══ The records

Lemma cong_conj_t a : A a -> cong RH (conj_t a) (liftw (phi a)).
Proof. intro Ha. apply cong_of_rel. right. exists a. split; [exact Ha | split; reflexivity]. Qed.

Lemma cong_liftw u v : feq u v -> cong RH (liftw u) (liftw v).
Proof.
  apply cong_hom; [apply map_app|].
  intros l r [y [b [-> ->]]]. apply cong_of_rel, hnn_free_rel. exists (Some y), b. split; reflexivity.
Qed.

Lemma cong_conj_t_app u v : cong RH (conj_t u ++ conj_t v) (conj_t (u ++ v)).
Proof.
  unfold conj_t, liftw. rewrite map_app. simpl. rewrite <- !app_assoc. simpl.
  apply (cong_app_l ((None, true) :: map _ u)).
  exact (cong_app_r _ (cong_cancel_letter _ _ hnn_free_rel (None, false))).
Qed.

Lemma conj_t_nontrivial w : ~ cong RH (liftw w) [] -> ~ cong RH (conj_t w) [].
Proof.
  intros Hw Ht. apply Hw.
  set (c := [(None, false); (None, true)] : word (option X)).
  assert (Hc : cong RH c []) by exact (cong_cancel_letter _ _ hnn_free_rel (None, false)).
  assert (Hunconj : cong RH (c ++ liftw w ++ c) (liftw w)).
  { pose proof (cong_app Hc (cong_app_l (liftw w) Hc)) as H. rewrite app_nil_r in H. exact H. }
  eapply cong_trans; [apply cong_sym, Hunconj|].
  replace (c ++ liftw w ++ c) with ([(None, false)] ++ conj_t w ++ [(None, true)])
    by (unfold c, conj_t; simpl; rewrite <- !app_assoc; reflexivity).
  eapply cong_trans; [exact (cong_app_l _ (cong_app_r _ Ht)) | exact Hc].
Qed.

Section PositiveCone.
Variable P : word (option X) -> Prop.
Hypothesis HP : positive_cone RH P.

Lemma cone_not_inverse u v : P u -> P v -> ~ cong RH (u ++ v) [].
Proof. intros Hu Hv H. apply (cone_nil HP), (cone_cong HP _ _ H), (cone_app HP); assumption. Qed.

Lemma cone_letter x : ~ cong RH (liftw [(x, true)]) [] -> exists b, P (liftw [(x, b)]).
Proof. intro Hx. destruct (cone_total HP _ Hx) as [H|H]; [exists true | exists false]; exact H. Qed.

Lemma cone_conj_t_letter x b :
  A [(x, negb b); (x, negb b)] ->
  feq (phi [(x, negb b); (x, negb b)]) [(x, negb b); (x, negb b)] ->
  P (liftw [(x, b)]) -> P (conj_t [(x, b)]).
Proof.
  intros HA Hphi Hx.
  assert (Hx_nontriv : ~ cong RH (liftw [(x, b)]) []).
  { intro H. apply (cone_nil HP), (cone_cong HP _ _ H), Hx. }
  destruct (cone_total HP _ (conj_t_nontrivial _ Hx_nontriv)) as [H|H]; [exact H | exfalso].
  change (inv_word (conj_t [(x, b)])) with (conj_t [(x, negb b)]) in H.
  assert (Hsq : P (liftw [(x, negb b); (x, negb b)])).
  { apply (cone_cong HP (conj_t [(x, negb b)] ++ conj_t [(x, negb b)])); [|exact (cone_app HP _ _ H H)].
    eapply cong_trans; [apply cong_conj_t_app|].
    eapply cong_trans; [apply cong_conj_t, HA | apply cong_liftw, Hphi]. }
  apply (cone_not_inverse _ _ (cone_app HP _ _ Hx Hx) Hsq).
  exact (cong_liftw ([(x, b); (x, b)] ++ inv_word [(x, b); (x, b)]) [] (feq_inv_r _)).
Qed.

Lemma cone_positive_word (Q : X * bool -> Prop) :
  (forall l, Q l -> P (liftw [l]) /\ P (conj_t [l])) ->
  forall W, W <> [] -> Forall Q W -> P (liftw W) /\ P (conj_t W).
Proof.
  intros HQ W HW HF. induction HF as [|l W Hl HF IH]; [contradiction|].
  destruct (HQ l Hl) as [Hl1 Hl2].
  destruct W as [|l' W]; [split; assumption|].
  destruct (IH ltac:(discriminate)) as [HW1 HW2]. split.
  - exact (cone_app HP (liftw [l]) _ Hl1 HW1).
  - exact (cone_cong HP _ _ (cong_conj_t_app [l] _) (cone_app HP _ _ Hl2 HW2)).
Qed.

End PositiveCone.

Lemma hnn_not_left_orderable (g h : X) :
  (forall x, x = g \/ x = h -> ~ cong RH (liftw [(x, true)]) []) ->
  (forall x b, x = g \/ x = h -> A [(x, b); (x, b)] /\ feq (phi [(x, b); (x, b)]) [(x, b); (x, b)]) ->
  (forall bg bh, exists W, W <> [] /\ Forall (fun l => l = (g, bg) \/ l = (h, bh)) W /\
                           A W /\ feq (phi W) (inv_word W)) ->
  ~ left_orderable_pres RH.
Proof.
  intros Hnontriv Hsq Hinv HLO.
  destruct (left_orderable_positive_cone _ hnn_free_rel HLO) as [P HP].
  assert (Hpos : forall x, x = g \/ x = h -> exists b, P (liftw [(x, b)]) /\ P (conj_t [(x, b)])).
  { intros x Hx. destruct (cone_letter P HP x (Hnontriv x Hx)) as [b Hb].
    destruct (Hsq x (negb b) Hx) as [HA Hphi].
    exists b. split; [exact Hb | exact (cone_conj_t_letter P HP x b HA Hphi Hb)]. }
  destruct (Hpos g (or_introl eq_refl)) as [bg Hg].
  destruct (Hpos h (or_intror eq_refl)) as [bh Hh].
  destruct (Hinv bg bh) as [W [HWne [HWpos [HA Hphi]]]].
  assert (HWletters : forall l, l = (g, bg) \/ l = (h, bh) -> P (liftw [l]) /\ P (conj_t [l]))
    by (intros l [-> | ->]; assumption).
  destruct (cone_positive_word P HP _ HWletters W HWne HWpos) as [HW HtW].
  apply (cone_not_inverse P HP (liftw W) (liftw (inv_word W)) HW).
  - apply (cone_cong HP (conj_t W)); [|exact HtW].
    eapply cong_trans; [apply cong_conj_t, HA | apply cong_liftw, Hphi].
  - unfold liftw. rewrite <- map_app. exact (cong_liftw _ [] (feq_inv_r W)).
Qed.

End HNN.

Section Construction.
Context {X : Type} (g h : X).
Hypothesis g_neq_h : g <> h.

Inductive letter_kind := Kg | Kh | Kother.

Definition kind_of (x : X) : letter_kind :=
  if excluded_middle_informative (x = g) then Kg
  else if excluded_middle_informative (x = h) then Kh else Kother.

Lemma kind_of_g : kind_of g = Kg.
Proof. unfold kind_of. destruct (excluded_middle_informative (g = g)); congruence. Qed.

Lemma kind_of_h : kind_of h = Kh.
Proof.
  unfold kind_of. destruct (excluded_middle_informative (h = g)); [congruence|].
  destruct (excluded_middle_informative (h = h)); congruence.
Qed.

Lemma kind_of_Kg x : kind_of x = Kg -> x = g.
Proof.
  unfold kind_of. destruct (excluded_middle_informative (x = g)); [auto|].
  destruct (excluded_middle_informative (x = h)); discriminate.
Qed.

Lemma kind_of_Kh x : kind_of x = Kh -> x = h.
Proof.
  unfold kind_of. destruct (excluded_middle_informative (x = g)); [discriminate|].
  destruct (excluded_middle_informative (x = h)); [auto | discriminate].
Qed.

Definition parity : Type := bool * bool.

Definition flip (s : parity) (l : X * bool) : parity :=
  match kind_of (fst l) with
  | Kg => (negb (fst s), snd s)
  | Kh => (fst s, negb (snd s))
  | Kother => s
  end.

Lemma flip_inv s l : flip (flip s l) (inv_letter l) = s.
Proof.
  destruct s as [a b]. unfold flip. simpl.
  destruct (kind_of (fst l)); simpl; rewrite ?negb_involutive; reflexivity.
Qed.

Lemma flip_g s b : flip s (g, b) = (negb (fst s), snd s).
Proof. unfold flip. simpl. rewrite kind_of_g. reflexivity. Qed.

Lemma flip_h s b : flip s (h, b) = (fst s, negb (snd s)).
Proof. unfold flip. simpl. rewrite kind_of_h. reflexivity. Qed.

Lemma flip_other s x b : kind_of x = Kother -> flip s (x, b) = s.
Proof. intro Hx. unfold flip. simpl. rewrite Hx. reflexivity. Qed.

Definition xor_parity (s t : parity) : parity := (xorb (fst s) (fst t), xorb (snd s) (snd t)).

Lemma run_flip_xor w : forall s t, run flip (xor_parity s t) w = xor_parity s (run flip t w).
Proof.
  induction w as [|l w IH]; intros s t; [reflexivity|].
  change (run flip (flip (xor_parity s t) l) w = xor_parity s (run flip (flip t l) w)).
  rewrite <- IH. f_equal. destruct s as [a b], t as [c d]. unfold flip, xor_parity. simpl.
  destruct (kind_of (fst l)); simpl; rewrite ?negb_xorb_r; reflexivity.
Qed.

Definition even_gh (w : word X) : Prop := run flip (false, false) w = (false, false).

Lemma even_gh_run s w : even_gh w -> run flip s w = s.
Proof.
  intro Hw. replace s with (xor_parity s (false, false)) at 1 by (destruct s as [[] []]; reflexivity).
  rewrite run_flip_xor, Hw. destruct s as [[] []]; reflexivity.
Qed.

Definition transversal (s : parity) : word X :=
  match s with
  | (false, false) => []
  | (true, false) => [(g, true)]
  | (false, true) => [(h, true)]
  | (true, true) => [(g, true); (h, true)]
  end.

Definition schreier (s : parity) (l : X * bool) : word X :=
  transversal s ++ [l] ++ inv_word (transversal (flip s l)).

(* phi is the involution of [even_gh] fixing g^2, h^2, h g h^-1 g^-1 and every
   other basis element, and sending g h g h to its inverse; [g_image s] and
   [h_image s] are the images of [schreier s (g, true)] and [schreier s (h, true)]. *)
Definition g_image (s : parity) : word X :=
  match s with
  | (false, false) => []
  | (true, false) => [(g, true); (g, true)]
  | (false, true) => [(h, true); (g, true); (h, false); (g, false)]
  | (true, true) => [(h, false); (g, false); (h, false); (g, false); (h, false); (h, false)]
  end.

Definition h_image (s : parity) : word X :=
  match s with
  | (false, false) => []
  | (false, true) => [(h, true); (h, true)]
  | (true, false) => []
  | (true, true) => [(h, false); (g, false); (h, false); (g, false); (h, false); (h, false);
                     (g, true); (h, false); (g, true); (h, false)]
  end.

Definition phi_gen (s : parity) (x : X) : word X :=
  match kind_of x with
  | Kg => g_image s
  | Kh => h_image s
  | Kother => transversal s ++ [(x, true)] ++ inv_word (transversal s)
  end.

Definition phi (w : word X) : word X := transduce flip phi_gen (false, false) w.

Lemma phi_gen_g s : phi_gen s g = g_image s.
Proof. unfold phi_gen. rewrite kind_of_g. reflexivity. Qed.

Lemma phi_gen_h s : phi_gen s h = h_image s.
Proof. unfold phi_gen. rewrite kind_of_h. reflexivity. Qed.

Lemma phi_gen_other s x :
  kind_of x = Kother -> phi_gen s x = transversal s ++ [(x, true)] ++ inv_word (transversal s).
Proof. intro Hx. unfold phi_gen. rewrite Hx. reflexivity. Qed.

Ltac compute_words :=
  repeat progress (cbn [phi transduce emit_letter run fold_left app rev map inv_word
                        fst snd negb transversal g_image h_image];
                   unfold inv_letter; cbn [fst snd negb];
                   rewrite ?flip_g, ?flip_h, ?phi_gen_g, ?phi_gen_h).

(* X has no decidable equality, so words in g, h are freely reduced over the alphabet bool. *)
Definition bool_to_gh (y : bool) : X := if y then g else h.

Ltac reify_gh w :=
  lazymatch w with
  | nil => constr:(@nil (bool * bool))
  | cons (g, ?b) ?r => let r' := reify_gh r in constr:(cons (true, b) r')
  | cons (h, ?b) ?r => let r' := reify_gh r in constr:(cons (false, b) r')
  end.

Ltac solve_feq_gh :=
  lazymatch goal with
  | |- feq ?u ?v =>
      let u' := reify_gh u in
      let v' := reify_gh v in
      change (feq (rename bool_to_gh u') (rename bool_to_gh v'));
      apply feq_rename, (feq_of_reduce _ Bool.bool_dec); vm_compute; reflexivity
  end.

Lemma run_transversal s : run flip (false, false) (transversal s) = s.
Proof. destruct s as [[] []]; compute_words; reflexivity. Qed.

Lemma even_gh_phi_gen s x : even_gh (phi_gen s x).
Proof.
  unfold even_gh. destruct (kind_of x) eqn:Hx.
  - apply kind_of_Kg in Hx. subst x. destruct s as [[] []]; compute_words; reflexivity.
  - apply kind_of_Kh in Hx. subst x. destruct s as [[] []]; compute_words; reflexivity.
  - rewrite phi_gen_other by exact Hx.
    rewrite !run_app, run_transversal.
    change (run flip s [(x, true)]) with (flip s (x, true)). rewrite flip_other by exact Hx.
    rewrite <- (run_transversal s) at 1. apply (run_inv_word _ flip_inv).
Qed.

Lemma even_gh_emit_letter s l : even_gh (emit_letter flip phi_gen s l).
Proof.
  destruct l as [x []]; unfold emit_letter; simpl; [apply even_gh_phi_gen|].
  unfold even_gh. rewrite <- (even_gh_phi_gen (flip s (x, false)) x) at 1.
  apply (run_inv_word _ flip_inv).
Qed.

Lemma even_gh_transduce s w : even_gh (transduce flip phi_gen s w).
Proof.
  revert s; induction w as [|l w IH]; intro s; [reflexivity|].
  unfold even_gh. simpl. rewrite run_app, even_gh_emit_letter. apply IH.
Qed.

Lemma phi_transversal s : phi (transversal s) = [].
Proof. destruct s as [[] []]; compute_words; reflexivity. Qed.

Lemma phi_inv_transversal s : transduce flip phi_gen s (inv_word (transversal s)) = [].
Proof.
  rewrite <- (run_transversal s) at 1.
  rewrite (transduce_inv_word _ _ flip_inv). fold (phi (transversal s)).
  rewrite phi_transversal. reflexivity.
Qed.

════

● Instructions to follow:
In the records above, find the line with "(* X has no"; write out exactly that line and each one after it, stopping after the line with "change (feq (rename".

● Completed task:
(* X has no decidable equality, so words in g, h are freely reduced over the alphabet bool. *)
Definition bool_to_gh (y : bool) : X := if y then g else h.

Ltac reify_gh w :=
  lazymatch w with
  | nil => constr:(@nil (bool * bool))
  | cons (g, ?b) ?r => let r' := reify_gh r in constr:(cons (true, b) r')
  | cons (h, ?b) ?r => let r' := reify_gh r in constr:(cons (false, b) r')
  end.

Ltac solve_feq_gh :=
  lazymatch goal with
  | |- feq ?u ?v =>
      let u' := reify_gh u in
      let v' := reify_gh v in
      change (feq (rename bool_to_gh u') (rename bool_to_gh v'));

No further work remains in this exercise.